■ **Exercise prompt**: Transcribe only part of the material below: the lines from the one containing "forall y, connect r x y -> P y." through the one containing "by apply/esym/(rootP r'_csym)/(connect_sub", inclusive, exactly as written.

------ Source data ------

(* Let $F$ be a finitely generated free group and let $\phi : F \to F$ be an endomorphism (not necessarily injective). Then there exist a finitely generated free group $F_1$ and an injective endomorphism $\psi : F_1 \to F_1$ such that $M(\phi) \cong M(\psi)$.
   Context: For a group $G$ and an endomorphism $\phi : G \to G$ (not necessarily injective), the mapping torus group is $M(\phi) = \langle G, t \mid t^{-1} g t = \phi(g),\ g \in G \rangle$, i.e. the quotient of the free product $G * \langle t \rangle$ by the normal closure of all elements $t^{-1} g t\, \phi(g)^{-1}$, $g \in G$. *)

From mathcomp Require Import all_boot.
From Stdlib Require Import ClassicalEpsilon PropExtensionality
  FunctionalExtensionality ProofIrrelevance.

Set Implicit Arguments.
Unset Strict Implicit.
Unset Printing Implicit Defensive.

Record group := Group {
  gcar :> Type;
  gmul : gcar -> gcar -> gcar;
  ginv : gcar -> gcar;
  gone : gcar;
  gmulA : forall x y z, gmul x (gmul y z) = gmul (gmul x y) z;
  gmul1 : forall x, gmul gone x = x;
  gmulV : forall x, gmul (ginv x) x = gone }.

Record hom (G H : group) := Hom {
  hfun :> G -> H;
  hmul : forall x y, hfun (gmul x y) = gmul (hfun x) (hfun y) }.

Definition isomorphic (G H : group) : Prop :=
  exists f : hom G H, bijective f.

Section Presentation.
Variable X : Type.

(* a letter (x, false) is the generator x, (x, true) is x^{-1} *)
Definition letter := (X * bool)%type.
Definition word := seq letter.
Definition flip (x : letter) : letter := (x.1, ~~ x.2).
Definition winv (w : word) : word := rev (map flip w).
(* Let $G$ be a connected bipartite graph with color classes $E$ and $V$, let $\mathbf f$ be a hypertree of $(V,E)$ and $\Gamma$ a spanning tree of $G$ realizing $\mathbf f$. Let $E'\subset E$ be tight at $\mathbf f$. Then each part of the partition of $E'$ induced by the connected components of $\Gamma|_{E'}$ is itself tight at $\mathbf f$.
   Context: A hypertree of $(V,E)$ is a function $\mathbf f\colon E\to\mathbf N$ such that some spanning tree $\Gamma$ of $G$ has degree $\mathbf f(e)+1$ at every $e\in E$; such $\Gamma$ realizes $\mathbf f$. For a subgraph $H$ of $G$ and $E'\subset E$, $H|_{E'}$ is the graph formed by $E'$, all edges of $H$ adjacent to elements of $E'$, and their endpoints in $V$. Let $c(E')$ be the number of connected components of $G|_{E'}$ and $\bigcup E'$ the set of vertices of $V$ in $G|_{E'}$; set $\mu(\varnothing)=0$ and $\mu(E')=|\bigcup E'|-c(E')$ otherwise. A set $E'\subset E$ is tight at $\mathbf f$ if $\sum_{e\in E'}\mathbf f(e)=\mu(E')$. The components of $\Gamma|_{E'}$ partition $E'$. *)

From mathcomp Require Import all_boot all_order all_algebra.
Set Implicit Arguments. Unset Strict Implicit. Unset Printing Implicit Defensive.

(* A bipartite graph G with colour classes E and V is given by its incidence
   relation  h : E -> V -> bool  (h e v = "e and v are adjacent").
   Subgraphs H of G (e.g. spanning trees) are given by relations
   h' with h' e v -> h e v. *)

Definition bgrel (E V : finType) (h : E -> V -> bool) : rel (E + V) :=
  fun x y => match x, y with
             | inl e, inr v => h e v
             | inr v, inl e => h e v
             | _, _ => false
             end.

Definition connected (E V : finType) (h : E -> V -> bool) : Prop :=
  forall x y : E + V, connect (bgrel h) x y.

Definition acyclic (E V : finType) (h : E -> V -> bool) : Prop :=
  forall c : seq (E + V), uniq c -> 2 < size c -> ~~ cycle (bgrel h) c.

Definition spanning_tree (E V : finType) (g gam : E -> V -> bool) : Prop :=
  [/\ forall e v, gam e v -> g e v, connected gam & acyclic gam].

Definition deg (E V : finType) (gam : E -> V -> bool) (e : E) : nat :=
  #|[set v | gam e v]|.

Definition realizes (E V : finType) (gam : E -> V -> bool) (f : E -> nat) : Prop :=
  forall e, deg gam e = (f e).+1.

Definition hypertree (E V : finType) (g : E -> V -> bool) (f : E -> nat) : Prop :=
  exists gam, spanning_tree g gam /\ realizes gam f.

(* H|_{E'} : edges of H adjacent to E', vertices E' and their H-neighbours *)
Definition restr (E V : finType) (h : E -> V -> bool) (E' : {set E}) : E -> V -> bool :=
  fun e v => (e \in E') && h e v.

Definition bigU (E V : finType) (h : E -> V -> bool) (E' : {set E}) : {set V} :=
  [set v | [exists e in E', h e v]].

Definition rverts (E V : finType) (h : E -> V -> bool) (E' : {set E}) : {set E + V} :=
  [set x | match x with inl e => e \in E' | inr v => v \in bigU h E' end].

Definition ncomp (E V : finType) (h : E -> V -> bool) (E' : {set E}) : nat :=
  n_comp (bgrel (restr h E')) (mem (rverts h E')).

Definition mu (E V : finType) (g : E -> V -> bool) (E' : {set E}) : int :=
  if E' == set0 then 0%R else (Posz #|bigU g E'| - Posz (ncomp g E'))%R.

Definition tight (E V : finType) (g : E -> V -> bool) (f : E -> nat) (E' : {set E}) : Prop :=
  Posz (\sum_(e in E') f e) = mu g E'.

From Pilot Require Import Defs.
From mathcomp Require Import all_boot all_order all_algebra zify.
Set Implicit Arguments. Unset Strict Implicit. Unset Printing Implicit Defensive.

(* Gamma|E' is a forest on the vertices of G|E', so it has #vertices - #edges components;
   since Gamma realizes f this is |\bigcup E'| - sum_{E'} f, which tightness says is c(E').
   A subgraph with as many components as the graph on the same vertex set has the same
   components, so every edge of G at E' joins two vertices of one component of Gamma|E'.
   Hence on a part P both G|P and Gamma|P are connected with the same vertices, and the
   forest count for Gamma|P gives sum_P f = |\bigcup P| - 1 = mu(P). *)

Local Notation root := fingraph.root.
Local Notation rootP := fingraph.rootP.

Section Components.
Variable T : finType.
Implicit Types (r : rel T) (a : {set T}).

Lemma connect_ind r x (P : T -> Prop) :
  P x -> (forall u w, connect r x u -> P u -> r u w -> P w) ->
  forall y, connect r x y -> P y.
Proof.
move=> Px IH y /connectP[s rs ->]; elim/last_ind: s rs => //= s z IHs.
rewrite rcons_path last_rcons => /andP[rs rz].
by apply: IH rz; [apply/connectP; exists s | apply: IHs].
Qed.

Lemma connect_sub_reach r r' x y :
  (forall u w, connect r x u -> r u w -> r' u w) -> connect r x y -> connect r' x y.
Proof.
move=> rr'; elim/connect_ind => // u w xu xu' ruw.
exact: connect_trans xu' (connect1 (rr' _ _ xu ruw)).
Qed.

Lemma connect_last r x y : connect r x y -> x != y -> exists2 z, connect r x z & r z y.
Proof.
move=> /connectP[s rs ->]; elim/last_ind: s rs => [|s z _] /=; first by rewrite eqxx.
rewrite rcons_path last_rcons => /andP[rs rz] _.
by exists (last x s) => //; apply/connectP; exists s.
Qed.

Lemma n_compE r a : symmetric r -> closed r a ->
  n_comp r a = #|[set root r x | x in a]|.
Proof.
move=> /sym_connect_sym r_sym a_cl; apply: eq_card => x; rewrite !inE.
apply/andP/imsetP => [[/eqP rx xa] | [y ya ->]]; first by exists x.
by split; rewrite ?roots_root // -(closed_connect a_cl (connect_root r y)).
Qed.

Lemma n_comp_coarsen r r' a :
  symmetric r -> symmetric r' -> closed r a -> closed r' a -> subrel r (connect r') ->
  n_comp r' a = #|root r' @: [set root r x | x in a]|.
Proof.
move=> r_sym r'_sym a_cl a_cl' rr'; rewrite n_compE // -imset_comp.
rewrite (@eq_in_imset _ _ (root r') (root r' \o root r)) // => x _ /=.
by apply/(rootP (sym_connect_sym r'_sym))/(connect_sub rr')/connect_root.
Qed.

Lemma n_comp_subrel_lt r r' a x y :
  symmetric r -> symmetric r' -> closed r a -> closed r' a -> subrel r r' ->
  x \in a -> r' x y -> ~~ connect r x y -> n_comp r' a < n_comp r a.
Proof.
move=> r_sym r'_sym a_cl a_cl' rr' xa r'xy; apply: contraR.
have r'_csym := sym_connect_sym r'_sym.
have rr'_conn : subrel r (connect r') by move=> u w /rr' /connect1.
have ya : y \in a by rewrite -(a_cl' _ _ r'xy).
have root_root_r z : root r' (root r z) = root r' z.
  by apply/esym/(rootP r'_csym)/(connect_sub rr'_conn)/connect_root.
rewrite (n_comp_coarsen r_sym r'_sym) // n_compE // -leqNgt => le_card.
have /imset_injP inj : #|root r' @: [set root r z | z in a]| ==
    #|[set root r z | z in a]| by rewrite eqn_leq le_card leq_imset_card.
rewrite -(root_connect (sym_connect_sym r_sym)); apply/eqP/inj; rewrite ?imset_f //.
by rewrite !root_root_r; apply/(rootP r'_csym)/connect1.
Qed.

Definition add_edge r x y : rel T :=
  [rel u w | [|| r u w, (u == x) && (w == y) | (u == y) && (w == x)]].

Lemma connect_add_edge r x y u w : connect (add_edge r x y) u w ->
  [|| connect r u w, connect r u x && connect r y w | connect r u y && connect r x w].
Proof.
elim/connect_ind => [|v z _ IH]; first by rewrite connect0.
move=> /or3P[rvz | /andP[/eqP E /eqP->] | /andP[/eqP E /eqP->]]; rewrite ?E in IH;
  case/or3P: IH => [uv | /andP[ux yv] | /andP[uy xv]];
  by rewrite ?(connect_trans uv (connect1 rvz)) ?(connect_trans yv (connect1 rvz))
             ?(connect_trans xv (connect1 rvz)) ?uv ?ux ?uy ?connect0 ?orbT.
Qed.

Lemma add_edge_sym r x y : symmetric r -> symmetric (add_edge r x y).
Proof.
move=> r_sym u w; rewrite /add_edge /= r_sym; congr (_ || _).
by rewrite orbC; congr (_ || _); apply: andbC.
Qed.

------

■ **Answer section**:
  forall y, connect r x y -> P y.
Proof.
move=> Px IH y /connectP[s rs ->]; elim/last_ind: s rs => //= s z IHs.
rewrite rcons_path last_rcons => /andP[rs rz].
by apply: IH rz; [apply/connectP; exists s | apply: IHs].
Qed.

Lemma connect_sub_reach r r' x y :
  (forall u w, connect r x u -> r u w -> r' u w) -> connect r x y -> connect r' x y.
Proof.
move=> rr'; elim/connect_ind => // u w xu xu' ruw.
exact: connect_trans xu' (connect1 (rr' _ _ xu ruw)).
Qed.

Lemma connect_last r x y : connect r x y -> x != y -> exists2 z, connect r x z & r z y.
Proof.
move=> /connectP[s rs ->]; elim/last_ind: s rs => [|s z _] /=; first by rewrite eqxx.
rewrite rcons_path last_rcons => /andP[rs rz] _.
by exists (last x s) => //; apply/connectP; exists s.
Qed.

Lemma n_compE r a : symmetric r -> closed r a ->
  n_comp r a = #|[set root r x | x in a]|.
Proof.
move=> /sym_connect_sym r_sym a_cl; apply: eq_card => x; rewrite !inE.
apply/andP/imsetP => [[/eqP rx xa] | [y ya ->]]; first by exists x.
by split; rewrite ?roots_root // -(closed_connect a_cl (connect_root r y)).
Qed.

Lemma n_comp_coarsen r r' a :
  symmetric r -> symmetric r' -> closed r a -> closed r' a -> subrel r (connect r') ->
  n_comp r' a = #|root r' @: [set root r x | x in a]|.
Proof.
move=> r_sym r'_sym a_cl a_cl' rr'; rewrite n_compE // -imset_comp.
rewrite (@eq_in_imset _ _ (root r') (root r' \o root r)) // => x _ /=.
by apply/(rootP (sym_connect_sym r'_sym))/(connect_sub rr')/connect_root.
Qed.

Lemma n_comp_subrel_lt r r' a x y :
  symmetric r -> symmetric r' -> closed r a -> closed r' a -> subrel r r' ->
  x \in a -> r' x y -> ~~ connect r x y -> n_comp r' a < n_comp r a.
Proof.
move=> r_sym r'_sym a_cl a_cl' rr' xa r'xy; apply: contraR.
have r'_csym := sym_connect_sym r'_sym.
have rr'_conn : subrel r (connect r') by move=> u w /rr' /connect1.
have ya : y \in a by rewrite -(a_cl' _ _ r'xy).
have root_root_r z : root r' (root r z) = root r' z.
  by apply/esym/(rootP r'_csym)/(connect_sub rr'_conn)/connect_root.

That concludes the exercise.